THE TASK: Examine each line of the data, and copy the ones containing "exact".
======== TASK DATA ========
Lemma leaves_mb n : 1 <= n -> leaves (mb n) = n.
Proof.
elim/ltn_ind: n => n IH n_pos; have [n_le1|n_gt1] := leqP n 1.
  by have -> : n = 1 by lia.
by rewrite mb_unfold //= !IH; lia.
Qed.

Lemma max_balanced_mb n : max_balanced (mb n).
Proof.
elim/ltn_ind: n => n IH; have [n_le1|n_gt1] := leqP n 1.
  by case: n IH n_le1 => [|[]].
rewrite mb_unfold //= !leaves_mb /absdiff; try lia.
by split; [lia | split; apply: IH; lia].
Qed.

(* [cmb n]: the Colless index of [mb n]; it turns out to be c_n. *)
Definition cmb (n : nat) : nat := colless (mb n).

Lemma cmb1 : cmb 1 = 0. Proof. by []. Qed.

Lemma cmb_split x y : 1 <= x -> 1 <= y -> absdiff x y <= 1 ->
  cmb (x + y) = absdiff x y + cmb x + cmb y.
Proof.
wlog le_yx : x y / y <= x => [W|x_pos y_pos].
  have [le_yx|/ltnW le_xy] := leqP y x; first exact: W.
  move=> x_pos y_pos hxy; rewrite (addnC x) W //; last by rewrite absdiffC.
  by rewrite absdiffC; lia.
rewrite /absdiff => hxy; rewrite /cmb mb_node /= ?leaves_mb /absdiff //; lia.
Qed.

Lemma cmb_halves a : 2 <= a -> exists a1 a2,
  [/\ a1 + a2 = a, a2 <= a1 <= a2 + 1, 1 <= a2 & cmb a = a1 - a2 + cmb a1 + cmb a2].
Proof.
move=> a_ge2; exists (a - a %/ 2), (a %/ 2); split; try lia.
rewrite -{1}[a](subnK (leq_div a 2)) cmb_split; rewrite /absdiff; lia.
Qed.

(* For b < a, regroup the halves of a and b into the nearly
   equal split (a1 + b2) + (a2 + b1) of a + b and use induction. *)
Lemma cmb_node_bound a b : 1 <= a -> 1 <= b ->
  cmb (a + b) <= cmb a + cmb b + absdiff a b.
Proof.
have [n] := ubnP (a + b); elim: n a b => // n IH a b hn a_pos b_pos.
wlog le_ba : a b hn a_pos b_pos / b <= a => [W|].
  have [le_ba|/ltnW le_ab] := leqP b a; first exact: W.
  rewrite (addnC a) (absdiffC a) (addnC (cmb a)).
  by apply: W; rewrite // addnC.
have [<-|ne_ab] := eqVneq a b; first by rewrite cmb_split; rewrite /absdiff; lia.
have /cmb_halves [a1 [a2 [ea ha a2_pos ca]]] : 2 <= a by lia.
have [->|ne_b1] := eqVneq b 1.
  have ih : cmb (a2 + 1) <= cmb a2 + cmb 1 + absdiff a2 1 by apply: IH; lia.
  rewrite (_ : a + 1 = (a2 + 1) + a1); last lia.
  by rewrite cmb_split; rewrite /absdiff cmb1 in ih *; lia.
have /cmb_halves [b1 [b2 [eb hb b2_pos cb]]] : 2 <= b by lia.
have ih1 : cmb (a1 + b2) <= cmb a1 + cmb b2 + absdiff a1 b2 by apply: IH; lia.
have ih2 : cmb (a2 + b1) <= cmb a2 + cmb b1 + absdiff a2 b1 by apply: IH; lia.
rewrite (_ : a + b = (a1 + b2) + (a2 + b1)); last lia.
by rewrite cmb_split; rewrite /absdiff in ih1 ih2 *; lia.
Qed.

Lemma colless_ge_cmb t : cmb (leaves t) <= colless t.
Proof.
elim: t => //= a ha b hb.
by apply: leq_trans (cmb_node_bound (leaves_pos a) (leaves_pos b)) _; lia.
Qed.

Lemma colless_minimal_iff n t :
  colless_minimal n t <-> leaves t = n /\ colless t = cmb n.
Proof.
split=> [[lt min_t]|[lt ct]]; subst n.
  split=> //; apply/eqP; rewrite eqn_leq colless_ge_cmb andbT.
  by apply: min_t; rewrite leaves_mb // leaves_pos.
by split=> // t' lt'; rewrite ct -lt' colless_ge_cmb.
Qed.

Lemma colless_minimal_mb n : 1 <= n -> colless_minimal n (mb n).
Proof. by move=> n_pos; apply/colless_minimal_iff; rewrite leaves_mb. Qed.

Lemma cmb_pow2 m : cmb (2 ^ m) = 0.
Proof.
elim: m => // m IH; have p_pos : 0 < 2 ^ m by rewrite expn_gt0.
by rewrite expnS mul2n -addnn cmb_split ?IH //; rewrite /absdiff; lia.
Qed.
Lemma Rabs_f1_le_chi x : 0 <= x <= 1 -> Rabs (f1 x) <= chi * Rabs (f 1).
Proof.
  intro hx.
  assert (hlt : forall x, 0 <= x < 1 -> Rabs (f1 x) <= chi * Rabs (f 1)).
  { clear x hx. intros x hx.
    destruct (MVT_interior w (fun y => - q y * f y) x 1) as [z [hz e]]; [lra| | |].
    - intros y _. unfold w. continuous_by_derive.
    - intros y hy. apply w_derive. lra.
    - assert (hwx : w x = q z * f z * (1 - x)) by (unfold w in *; lra).
      assert (hqz : 0 <= q z <= chi)
        by (pose proof (q_pos z ltac:(lra)); pose proof (q_le_chi z); lra).
      assert (hfz : Rabs (f z) <= Rabs (f 1)) by (apply Rabs_f_le_f_one; lra).
      assert (hw : (1 + x) * Rabs (f1 x) * (1 - x) <= chi * Rabs (f 1) * (1 - x)).
      { replace ((1 + x) * Rabs (f1 x) * (1 - x)) with (Rabs (w x))
          by (unfold w; rewrite Rabs_mult, (Rabs_pos_eq (1 - x ^ 2)) by nra; ring).
        rewrite hwx, !Rabs_mult, (Rabs_pos_eq (q z)), (Rabs_pos_eq (1 - x)) by lra.
        apply Rmult_le_compat_r; [lra|].
        apply Rmult_le_compat; [lra|apply Rabs_pos|lra|exact hfz]. }
      apply Rmult_le_reg_r in hw; [|lra]. pose proof (Rabs_pos (f1 x)). nra. }
  destruct (Req_dec x 1) as [->|]; [|apply hlt; lra].
  apply Rabs_le_of_continuous.
  - continuous_by_derive.
  - intros e he. exists (Rmax 0 (1 - e / 2)).
    assert (hy : 0 <= Rmax 0 (1 - e / 2) < 1 /\ Rabs (Rmax 0 (1 - e / 2) - 1) < e)
      by (apply Rmax_case_strong; intros; rewrite Rabs_left; lra).
    split; [apply hy|apply hlt, hy].
Qed.

Lemma Rabs_f_sub_f_one_le x : 0 <= x <= 1 -> Rabs (f x - f 1) <= chi * Rabs (f 1) * (1 - x).
Proof.
  intro hx. destruct (Req_dec x 1) as [->|hne].
  { rewrite Rminus_diag, Rabs_R0. lra. }
  destruct (MVT_interior f f1 x 1) as [z [hz e]]; [lra| |intros; apply f_derive|].
  - intros y _. continuous_by_derive.
  - rewrite Rabs_minus_sym, e, Rabs_mult, (Rabs_pos_eq (1 - x)) by lra.
    apply Rmult_le_compat_r; [lra|]. apply Rabs_f1_le_chi. lra.
Qed.

Lemma weighted_f1_le x : 0 <= x <= 1 -> (1 - x ^ 2) * Rabs (f1 x) <= sqrt (chi * Q 0).
Proof.
  intro hx. rewrite <- V_zero.
  assert (hp : 0 <= 1 - x ^ 2) by nra.
  rewrite <- (sqrt_pow2 ((1 - x ^ 2) * Rabs (f1 x))) by (apply Rmult_le_pos; [lra|apply Rabs_pos]).
  apply sqrt_le_1_alt. apply Rle_trans with (V x); [|apply V_le; lra].
  unfold V, w. rewrite Rpow_mult_distr, pow2_abs.
  assert (0 <= (1 - x ^ 2) * q x * f x ^ 2).
  { pose proof (q_pos x ltac:(lra)). apply Rmult_le_pos; [nra|apply pow2_ge_0]. }
  lra.
Qed.

(* For [chi < 1], [f] keeps the sign of [f 1] on [[0, 1]]: impossible for odd [n], and for
   even [n] it contradicts [w (-1) = w 1 = 0]. *)
Lemma chi_ge_one n : RInt (fun x => f x ^ 2) (-1) 1 = 1 ->
  (forall x, -1 <= x <= 1 -> f (- x) = (-1) ^ n * f x) -> 0 <= f 1 -> 1 <= chi.
Proof.
  intros hnorm hpar hf1. apply Rnot_lt_le. intro hlt. pose proof chi_pos.
  assert (hsym : forall x, 0 <= x <= 1 -> Rabs (f (- x)) = Rabs (f x))
    by (intros x hx; rewrite hpar, Rabs_mult, pow_1_abs by lra; ring).
  destruct (Req_dec (f 1) 0) as [h0|hne].
  - assert (hz : forall x, -1 <= x <= 1 -> Rabs (f x) <= 0).
    { intros x hx. rewrite <- Rabs_R0, <- h0. destruct (Rle_lt_dec 0 x).
      - apply Rabs_f_le_f_one. lra.
      - rewrite <- (Ropp_involutive x), hsym by lra. apply Rabs_f_le_f_one. lra. }
    rewrite (RInt_ext _ (fun _ => 0)), RInt_const in hnorm.
    + change ((1 - -1) * 0 = 1) in hnorm. lra.
    + intros x hx. rewrite Rmin_left, Rmax_right in hx by lra.
      specialize (hz x ltac:(lra)). pose proof (Rabs_pos (f x)).
      change (f x ^ 2 = 0). rewrite (Rabs_eq_0 (f x)) by lra. ring.
  - assert (hpos : forall y, 0 <= y <= 1 -> 0 < f y).
    { intros y hy. pose proof (Rabs_f_sub_f_one_le y hy) as h.
      rewrite (Rabs_pos_eq (f 1)) in h by lra.
      assert (chi * f 1 * (1 - y) < f 1).
      { apply Rle_lt_trans with (chi * f 1); [|nra].
        rewrite <- (Rmult_1_r (chi * f 1)) at 2. apply Rmult_le_compat_l; nra. }
      pose proof (Rle_abs (- (f y - f 1))). rewrite Rabs_Ropp in *. lra. }
    destruct (Nat.Even_or_Odd n) as [[k ->]|[k ->]].
    + destruct (MVT_interior w (fun y => - q y * f y) (-1) 1) as [z [hz e]]; [lra| | |].
      * intros y _. unfold w. continuous_by_derive.
      * intros y hy. now apply w_derive.
      * assert (0 < f z).
        { destruct (Rle_lt_dec 0 z); [apply hpos; lra|].
          rewrite <- (Ropp_involutive z), hpar, pow_1_even by lra. rewrite Rmult_1_l.
          apply hpos. lra. }
        pose proof (q_pos z ltac:(lra)). unfold w in e.
        assert (0 < q z * f z) by now apply Rmult_lt_0_compat. lra.
    + specialize (hpar 0 ltac:(lra)). rewrite Ropp_0 in hpar.
      replace (2 * k + 1)%nat with (S (2 * k)) in hpar by lia.
      rewrite pow_1_odd in hpar. specialize (hpos 0 ltac:(lra)). lra.
Qed.

(** * The endpoint value [f 1] *)

Lemma V_eq_s_G y : -1 < y < 1 -> V y = s y * G y.
Proof.
  intro hy. pose proof (s_pos y hy).
  assert (hss : s y * s y = (1 - y ^ 2) * q y)
    by (apply s_sq, Rmult_le_pos; [nra|apply Rlt_le, q_pos; lra]).
  unfold V, G. rewrite <- hss. field. lra.
Qed.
========
THE ANSWER:
  have [le_yx|/ltnW le_xy] := leqP y x; first exact: W.
  have [le_ba|/ltnW le_ab] := leqP b a; first exact: W.
        apply Rmult_le_compat; [lra|apply Rabs_pos|lra|exact hfz]. }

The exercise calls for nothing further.